Go through the data below and gather each line containing "apply".
===== SUPPLIED MATERIAL
From HB Require Import structures.
From mathcomp Require Import all_boot all_order all_algebra.
From mathcomp Require Import all_classical all_reals all_analysis.
From mathcomp Require Import complex ring lra.
Import Order.TTheory GRing.Theory Num.Theory ComplexField.
Import numFieldNormedType.Exports.
Set Implicit Arguments. Unset Strict Implicit. Unset Printing Implicit Defensive.
Local Open Scope ring_scope.
Local Open Scope complex_scope.

(** Write R_phi = Re(e^{i phi} T) and I_phi = Im(e^{i phi} T).  Since
    I_phi = R_(phi - pi/2), both N(R_phi) and N(I_phi) are at most w_N(T).
    Expanding squares gives T T^* + T^* T = 2 (R_phi^2 + I_phi^2), hence, by
    submultiplicativity, N(T T^* + T^* T) <= 2 (N(R_phi)^2 + N(I_phi)^2).  For
    a, b in [0, w] one has |a^2 - b^2| <= 2 w^2 - (a^2 + b^2); taking the
    supremum over phi gives the inequality. *)

Section ComplexScalars.
Variable R : realType.
Implicit Type phi : R.

Lemma inv_2i : (2 * 'i)^-1 = - 'i / 2 :> R[i].
Proof. by apply/eqP; rewrite eq_complex /=; simpc; rewrite !expr2 !mul0r add0r addr0 eqxx. Qed.

Lemma normr_half : `|2^-1 : R[i]| = (2^-1)%:C.
Proof. by rewrite normfV normr_nat fmorphV rmorph_nat. Qed.

Lemma normr_cexp phi : `|cexp phi| = 1.
Proof. by rewrite normc_def /= cos2Dsin2 sqrtr1. Qed.

Lemma normr_cexpJ phi : `|(cexp phi)^*%R| = 1.
Proof. by rewrite norm_conjC normr_cexp. Qed.

Lemma cexp_mulJ phi : cexp phi * (cexp phi)^* = 1.
Proof. by rewrite -sqr_normc normr_cexp expr1n. Qed.

Lemma cexpB_pihalf phi : cexp (phi - pi / 2) = - 'i * cexp phi.
Proof. by apply/eqP; rewrite eq_complex /= cosBpihalf sinBpihalf; simpc. Qed.

End ComplexScalars.

Section LinearOperators.
Variables (R : realType) (H : normedModType R[i]).
Implicit Types (A B T Ts : H -> H) (k : R[i]) (phi : R).

Definition linear_of A (lA : linear A) : {linear H -> H} :=
  HB.pack A (GRing.isLinear.Build R[i] H H *:%R A lA).

Lemma linear_funD A : linear A -> {morph A : x y / x + y}.
Proof. by move=> lA; exact: linearD (linear_of lA). Qed.

Lemma linear_funZ A : linear A -> forall k, {morph A : x / k *: x}.
Proof. by move=> lA; exact: linearZZ (linear_of lA). Qed.

Lemma linear_funB A : linear A -> {morph A : x y / x - y}.
Proof. by move=> lA; exact: linearB (linear_of lA). Qed.

Lemma linear_scale k A : linear A -> linear (fun x => k *: A x).
Proof. by move=> lA a x y; rewrite lA scalerDr !scalerA mulrC. Qed.

Lemma bounded_opP A : bounded_op A <->
  linear A /\ exists2 C, 0 < C & forall x, `|A x| <= C * `|x|.
Proof.
split=> [[lA cA] | [lA [C C0 AC]]]; split => //.
  have /(linear_boundedP (linear_of lA)) /pinfty_ex_gt0 [C C0 AC] :=
    @continuous_linear_bounded _ _ _ 0 (linear_of lA) (cA 0).
  by exists C.
apply: (linear_bounded_continuous (linear_of lA)).1; apply/linear_boundedP.
near=> r => x; apply: (le_trans (AC x)); rewrite ler_wpM2r //.
by near: r; apply: nbhs_pinfty_ge; rewrite gtr0_real.
Unshelve. all: by end_near. Qed.

Lemma bounded_opD A B : bounded_op A -> bounded_op B ->
  bounded_op (fun x => A x + B x).
Proof.
move=> [lA cA] [lB cB]; split => [a x y|x]; last exact: continuousD (cA x) (cB x).
by rewrite lA lB scalerDr addrACA.
Qed.

Lemma bounded_opZ k A : bounded_op A -> bounded_op (fun x => k *: A x).
Proof.
move=> [lA cA]; split; first exact: linear_scale.
by move=> x; apply: continuousZ (cA x); exact: cvg_cst.
Qed.

Lemma bounded_opB A B : bounded_op A -> bounded_op B ->
  bounded_op (fun x => A x - B x).
Proof.
move=> bA bB; under eq_fun do rewrite -scaleN1r.
exact/bounded_opD/bounded_opZ.
Qed.

Lemma bounded_op_comp A B : bounded_op A -> bounded_op B -> bounded_op (A \o B).
Proof.
move=> [lA cA] [lB cB]; split => [a x y|x]; first by rewrite /= lB lA.
exact: continuous_comp (cB x) (cA (B x)).
Qed.

Lemma ReOp_sqr_add_ImOp_sqr A As : linear A -> linear As -> forall x,
  ReOp A As (ReOp A As x) + ImOp A As (ImOp A As x) = 2^-1 *: (A (As x) + As (A x)).
Proof.
move=> lA lAs x; rewrite /ReOp /ImOp.
rewrite !(linear_funZ lA, linear_funZ lAs, linear_funB lA, linear_funB lAs,
  linear_funD lA, linear_funD lAs) -!scalerDr -!scalerBr !scalerA.
have -> : (2 * 'i)^-1 * (2 * 'i)^-1 = - (2^-1 * 2^-1) :> R[i].
  by rewrite inv_2i mulrACA mulrNN -expr2 sqr_i mulN1r.
rewrite scaleNr -scalerBr.
set a := A (A x); set b := A (As x); set c := As (A x); set d := As (As x).
have -> : a + b + (c + d) - (a - b - (c - d)) = 2 *: (b + c).
  rewrite !opprD !opprK addrACA (addrACA a) (addrACA c) subrr add0r subrr addr0.
  by rewrite scalerDl !scale1r addrACA.
by rewrite scalerA mulfVK // pnatr_eq0.
Qed.

Lemma rotOp_rotAdj phi T Ts : linear T ->
  forall x, rotOp phi T (rotAdj phi Ts x) = T (Ts x).
Proof.
by move=> lT x; rewrite /rotOp /rotAdj linear_funZ // scalerA cexp_mulJ scale1r.
Qed.

Lemma rotAdj_rotOp phi T Ts : linear Ts ->
  forall x, rotAdj phi Ts (rotOp phi T x) = Ts (T x).
Proof.
by move=> lTs x; rewrite /rotOp /rotAdj linear_funZ // scalerA mulrC cexp_mulJ scale1r.
Qed.

Lemma ImOp_rot phi T Ts : ImOp (rotOp phi T) (rotAdj phi Ts) =
  ReOp (rotOp (phi - pi / 2) T) (rotAdj (phi - pi / 2) Ts).
Proof.
apply: funext => x; rewrite /ImOp /ReOp /rotOp /rotAdj cexpB_pihalf inv_2i.
rewrite rmorphM rmorphN /= conjCi opprK scalerBr scalerDr !scalerA -scaleNr.
by congr (_ *: _ + _ *: _); ring.
Qed.

Lemma TTs_add_TsT_ReOp_ImOp phi T Ts : linear T -> linear Ts ->
  (fun x => T (Ts x) + Ts (T x)) =
  (fun x => 2 *: (ReOp (rotOp phi T) (rotAdj phi Ts) (ReOp (rotOp phi T) (rotAdj phi Ts) x)
                + ImOp (rotOp phi T) (rotAdj phi Ts) (ImOp (rotOp phi T) (rotAdj phi Ts) x))).
Proof.
move=> lT lTs; apply: funext => x.
have lR : linear (rotOp phi T) := linear_scale _ lT.
have lRs : linear (rotAdj phi Ts) := linear_scale _ lTs.
rewrite (ReOp_sqr_add_ImOp_sqr lR lRs) scalerA divff ?pnatr_eq0 // scale1r.
by rewrite rotOp_rotAdj // rotAdj_rotOp.
Qed.

End LinearOperators.

Section InnerProduct.
Variables (R : realType) (H : normedModType R[i]) (ip : H -> H -> R[i]).
Hypothesis ipP : is_inner_product ip.

Let ip_left z : {linear H -> R[i] | *%R} :=
  HB.pack (ip^~ z) (GRing.isLinear.Build R[i] H R[i] *%R (ip^~ z)
    (fun a x y => let: And3 ipl _ _ := ipP in ipl a x y z)).

Lemma ipZl a x z : ip (a *: x) z = a * ip x z.
Proof. exact: (linearZ_LR (ip_left z) a x). Qed.

Lemma ipDl x y z : ip (x + y) z = ip x z + ip y z.
Proof. exact: (linearD (ip_left z)). Qed.

Lemma ipBl x y z : ip (x - y) z = ip x z - ip y z.
Proof. exact: (linearB (ip_left z)). Qed.

Lemma ipC x y : ip y x = (ip x y)^*%C.
Proof. by case: ipP. Qed.

Lemma ipZr a x z : ip z (a *: x) = a^*%C * ip z x.
Proof. by rewrite ipC ipZl rmorphM /= -ipC. Qed.

Lemma ipDr x y z : ip z (x + y) = ip z x + ip z y.
Proof. by rewrite ipC ipDl rmorphD /= -!ipC. Qed.

Lemma ipBr x y z : ip z (x - y) = ip z x - ip z y.
Proof. by rewrite ipC ipBl rmorphB /= -!ipC. Qed.

Lemma ip_self x : ip x x = `|x| ^+ 2.
Proof. by case: ipP. Qed.

Lemma ip_injr u v : (forall z, ip z u = ip z v) -> u = v.
Proof.
move=> uv; apply/eqP; rewrite -subr_eq0 -normr_eq0 -sqrf_eq0.
by rewrite -ip_self ipBr uv subrr.
Qed.

Lemma normrB_sqr x y : `|x - y| ^+ 2 = `|x| ^+ 2 + `|y| ^+ 2 - (ip x y + ip y x).
Proof. by rewrite -!ip_self ipBl !ipBr; ring. Qed.

Variables T Ts : H -> H.
Hypothesis TTs : is_adjoint ip T Ts.

Lemma adjoint_linear : linear Ts.
Proof.
move=> a x y; apply: ip_injr => z.
by rewrite -TTs ipDr ipZr !TTs -ipZr -ipDr.
Qed.

(* With u = Ts y one has <T u, y> = |u|^2, so expanding 0 <= |C^-1 T u - C y|^2
   yields |u|^2 <= C^2 |y|^2 without appealing to Cauchy-Schwarz. *)
Lemma adjoint_le C : 0 < C -> (forall x, `|T x| <= C * `|x|) ->
  forall y, `|Ts y| <= C * `|y|.
Proof.
move=> C0 TC y; set u := Ts y.
have CJ : C^*%C = C := conj_Creal (gtr0_real C0).
have ipTy : ip (C^-1 *: T u) (C *: y) = `|u| ^+ 2.
  by rewrite ipZl ipZr CJ mulKf ?gt_eqF // TTs ip_self.
have ipyT : ip (C *: y) (C^-1 *: T u) = `|u| ^+ 2.
  by rewrite ipC ipTy; exact: conj_Creal (rpredX _ (normr_real _)).
have Tu_le : C^-1 * `|T u| <= `|u| by rewrite ler_pdivrMl.
have := exprn_ge0 2 (normr_ge0 (C^-1 *: T u - C *: y)).
rewrite normrB_sqr ipTy ipyT !normrZ !gtr0_norm ?invr_gt0 //.
set a := C^-1 * `|T u|; set b := C * `|y| => sq_ge0.
have a_ge0 : 0 <= a by rewrite mulr_ge0 // invr_ge0 ltW.
have b_ge0 : 0 <= b by rewrite mulr_ge0 // ltW.
rewrite -(ler_pXn2r (_ : 0 < 2)%N) ?nnegrE // -subr_ge0.
have -> : b ^+ 2 - `|u| ^+ 2 =
  (a ^+ 2 + b ^+ 2 - (`|u| ^+ 2 + `|u| ^+ 2)) + (`|u| ^+ 2 - a ^+ 2) by ring.
by apply: addr_ge0 sq_ge0 _; rewrite subr_ge0 ler_pXn2r ?nnegrE.
Qed.

Lemma adjoint_bounded : bounded_op T -> bounded_op Ts.
Proof.
move=> /bounded_opP[_ [C C0 TC]]; apply/bounded_opP.
by split; [exact: adjoint_linear | exists C => //; exact: adjoint_le].
Qed.

End InnerProduct.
==========
▶ [REPLY]
Proof. by apply/eqP; rewrite eq_complex /=; simpc; rewrite !expr2 !mul0r add0r addr0 eqxx. Qed.
Proof. by apply/eqP; rewrite eq_complex /= cosBpihalf sinBpihalf; simpc. Qed.
apply: (linear_bounded_continuous (linear_of lA)).1; apply/linear_boundedP.
near=> r => x; apply: (le_trans (AC x)); rewrite ler_wpM2r //.
by near: r; apply: nbhs_pinfty_ge; rewrite gtr0_real.
by move=> x; apply: continuousZ (cA x); exact: cvg_cst.
apply: funext => x; rewrite /ImOp /ReOp /rotOp /rotAdj cexpB_pihalf inv_2i.
move=> lT lTs; apply: funext => x.
move=> uv; apply/eqP; rewrite -subr_eq0 -normr_eq0 -sqrf_eq0.
move=> a x y; apply: ip_injr => z.
by apply: addr_ge0 sq_ge0 _; rewrite subr_ge0 ler_pXn2r ?nnegrE.
move=> /bounded_opP[_ [C C0 TC]]; apply/bounded_opP.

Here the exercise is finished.